Fri. Jul 26th, 2024

Supreme Court weighs challenge to EPA ‘good neighbor’ air pollution rule

By 37ci3 Feb21,2024



WASHINGTON — The Supreme Court on Wednesday will consider whether to block a Biden administration policy aimed at reducing air pollution that travels from one state to another and creates harmful smog.

The court is hearing four related cases involving challenges to the policy brought by three Republican states — Indiana, Ohio and West Virginia — and various affected industries, including natural gas pipeline operators.

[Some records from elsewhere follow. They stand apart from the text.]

(* The orchestrators are pairwise non-adjacent, so a local complementation at
   one of them leaves the neighbourhoods of the others unchanged and simply
   toggles all pairs inside its own neighbourhood.  Hence the edges of the
   enhanced ring graph are the pairs of clients lying in an odd number of the
   N(o_i) (every original edge meets some o_i and is deleted), and the edges of
   T' after complementing at all o'_i are its own edges plus the pairs lying in
   an odd number of the N(o'_i).
   Classify vertices by the list of indices i whose (closed) neighbourhood
   contains them.  The neighbourhoods N(o_i) in T and the closed neighbourhoods
   {o'_i} u N(o'_i) in T' are chains with the same sizes and overlaps, so each
   class has the same size on both sides and there is a bijection f with
   N(o_i) = f(o'_i) |: f(N(o'_i)).  The pairs inside N(o_i) are then the pairs
   inside f(N(o'_i)) plus the star at f(o'_i), i.e. the image of the edges of
   T' at o'_i; comparing parities gives the equality of edge sets. *)

Lemma foldl_map (A B C : Type) (F : A -> B -> A) (g : C -> B) z s :
  foldl F z (map g s) = foldl (fun z x => F z (g x)) z s.
Proof. by elim: s z => //= x s IH z. Qed.

Lemma count_eq_has (I : eqType) (P : pred I) (s : seq I) :
  uniq s -> {in s &, forall i j, P i -> P j -> i = j} -> count P s = has P s.
Proof.
elim: s => //= i s IH /andP[i_s uniq_s] P_uniq.
rewrite IH //; last by move=> j l js ls; apply: P_uniq; rewrite inE ?js ?ls orbT.
case Pi: (P i) => //=; case: hasP => // -[j js Pj].
by move: i_s; rewrite (P_uniq i j) ?inE ?eqxx ?js ?orbT.
Qed.

Lemma fiberwise_bijection (A B : finType) (K : eqType) (DA : {set A}) (DB : {set B})
    (kA : A -> K) (kB : B -> K) (y0 : B) :
  (forall k, #|[set x in DA | kA x == k]| = #|[set y in DB | kB y == k]|) ->
  exists g : A -> B,
    [/\ {in DA &, injective g}, g @: DA = DB & {in DA, forall x, kB (g x) = kA x}].
Proof.
move=> card_fibers.
(* [y0] is only the default value of [nth]; it is never reached on [DA]. *)
pose FA k := [set x in DA | kA x == k]; pose FB k := [set y in DB | kB y == k].
pose g x := nth y0 (enum (FB (kA x))) (index x (enum (FA (kA x)))).
have FA_kA x : x \in DA -> x \in FA (kA x) by rewrite inE eqxx andbT.
have idx_lt x : x \in DA -> index x (enum (FA (kA x))) < size (enum (FB (kA x))).
  by move=> /FA_kA xF; rewrite -cardE -card_fibers cardE index_mem mem_enum.
have gFB x : x \in DA -> g x \in FB (kA x) by move=> /idx_lt; rewrite -mem_enum; apply: mem_nth.
have gK : {in DA, forall x, kB (g x) = kA x} by move=> x /gFB; rewrite inE => /andP[_ /eqP].
have g_inj : {in DA &, injective g}.
  move=> x y xD yD gxy; have kxy : kA x = kA y by rewrite -gK // gxy gK.
  have yF : y \in FA (kA x) by rewrite kxy FA_kA.
  move: gxy; rewrite /g -kxy => /eqP; rewrite nth_uniq ?enum_uniq ?idx_lt //; last first.
    by move: (idx_lt y yD); rewrite kxy.
  by move/eqP/(congr1 (nth x (enum (FA (kA x))))); rewrite !nth_index ?mem_enum ?FA_kA.
exists g; split=> //; apply/setP => y; apply/imsetP/idP => [[x xD ->]|yD].
  by have := gFB x xD; rewrite inE => /andP[].
have gFA : g @: FA (kB y) \subset FB (kB y).
  by apply/subsetP => _ /imsetP[x xF ->]; case/setIdP: xF => xD /eqP <-; apply: gFB.
have /imsetP[x xF ->] : y \in g @: FA (kB y).
  have := subset_cardP _ gFA; rewrite card_in_imset; last first.
    by move=> x z /setIdP[xD _] /setIdP[zD _]; apply: g_inj.
  by move=> /(_ (card_fibers _))->; rewrite inE yD eqxx.
by exists x => //; case/setIdP: xF.
Qed.

Section Graphs.
Variable U : finType.
Implicit Types (G : graph U) (a b x : U) (S M : {set U}) (e : {set U}) (s : seq U).

Lemma graph_ext G1 G2 : gV G1 = gV G2 -> gE G1 =i gE G2 -> G1 = G2.
Proof. by case: G1 G2 => V E [V' E'] /= -> /setP ->. Qed.

Definition clique_edges S : {set {set U}} := [set e : {set U} | (#|e| == 2) && (e \subset S)].

Definition star_edges a M : {set {set U}} := [set [set a; x] | x in M].

Lemma clique_edgesE S : [set [set b; c] | b in S, c in S & b != c] = clique_edges S.
Proof.
apply/setP => e; rewrite inE; apply/imset2P/andP => [[b c bS]|[/cards2P[b [c [bc ->]]]]].
  rewrite inE => /andP[cS bc] ->; rewrite cards2 bc; split=> //.
  by apply/subsetP => x /set2P[] ->.
move=> /subsetP bcS; exists b c => //; first exact/bcS/set21.
by rewrite inE bc andbT bcS ?set22.
Qed.

Lemma mem_clique_edges S e x : e \in clique_edges S -> x \in e -> x \in S.
Proof. by rewrite inE => /andP[_ /subsetP]; apply. Qed.

Lemma in_lc G a e : (e \in gE (lc G a)) = (e \in gE G) (+) (e \in clique_edges (nbh G a)).
Proof.
rewrite /lc /= clique_edgesE in_setU !in_setD.
by case: (e \in gE G); case: (e \in clique_edges _).
Qed.

Lemma in_del G a e : (e \in gE (del G a)) = (a \notin e) && (e \in gE G).
Proof. by rewrite inE andbC. Qed.

Lemma in_nbh G a b : (b \in nbh G a) = ([set a; b] \in gE G).
Proof. exact: in_set. Qed.

Lemma nbh_lc G a x : x \notin nbh G a -> nbh (lc G a) x = nbh G x.
Proof.
move=> xNa; apply/setP => b; rewrite !in_nbh in_lc.
suff /negPf-> : [set x; b] \notin clique_edges (nbh G a) by rewrite addbF.
by apply: contra xNa => /mem_clique_edges; apply; rewrite !inE eqxx.
Qed.

Lemma nbh_del G a x : a \notin nbh G x -> x != a -> nbh (del G a) x = nbh G x.
Proof.
move=> aNx xa; apply/setP => b; rewrite !in_nbh in_del !inE negb_or eq_sym xa /=.
by case: eqP => // <-; rewrite -in_nbh (negPf aNx).
Qed.

Lemma lcs_graph G s : {in s &, forall a b, b \notin nbh G a} ->
  gV (lcs G s) = gV G /\
  forall e, (e \in gE (lcs G s)) =
    (e \in gE G) (+) odd (count (fun a => e \in clique_edges (nbh G a)) s).
Proof.
rewrite /lcs; elim: s G => [|a s IH] G /= indep; first by split=> // e; rewrite addbF.
have nbhE : {in s, forall b, nbh (lc G a) b = nbh G b}.
  by move=> b bs; apply: nbh_lc; apply: indep; rewrite inE ?eqxx ?bs ?orbT.
have indep' : {in s &, forall b c, c \notin nbh (lc G a) b}.
  by move=> b c bs cs; rewrite nbhE //; apply: indep; rewrite inE ?bs ?cs orbT.
have [-> IHE] := IH _ indep'.
split=> // e; rewrite IHE (eq_in_count (a2 := fun b => e \in clique_edges (nbh G b))).
  by rewrite in_lc oddD oddb addbA.
by move=> b /nbhE ->.
Qed.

The Supreme Court, which has a 6-3 conservative majority, is skeptical of the federal government’s broad efforts to regulate matters, including the environment.

Trial in 2022 is limited The Environmental Protection Agency’s ability to use the Clean Air Act to combat emissions that contribute to climate change. Court last year weakened Landmark Clean Water Act by limiting EPA’s regulatory control over wetlands.

Sam Sankar, a lawyer at the environmental group Earthjustice, said that recently the court has treated environmental policies as “guilty until proven innocent.”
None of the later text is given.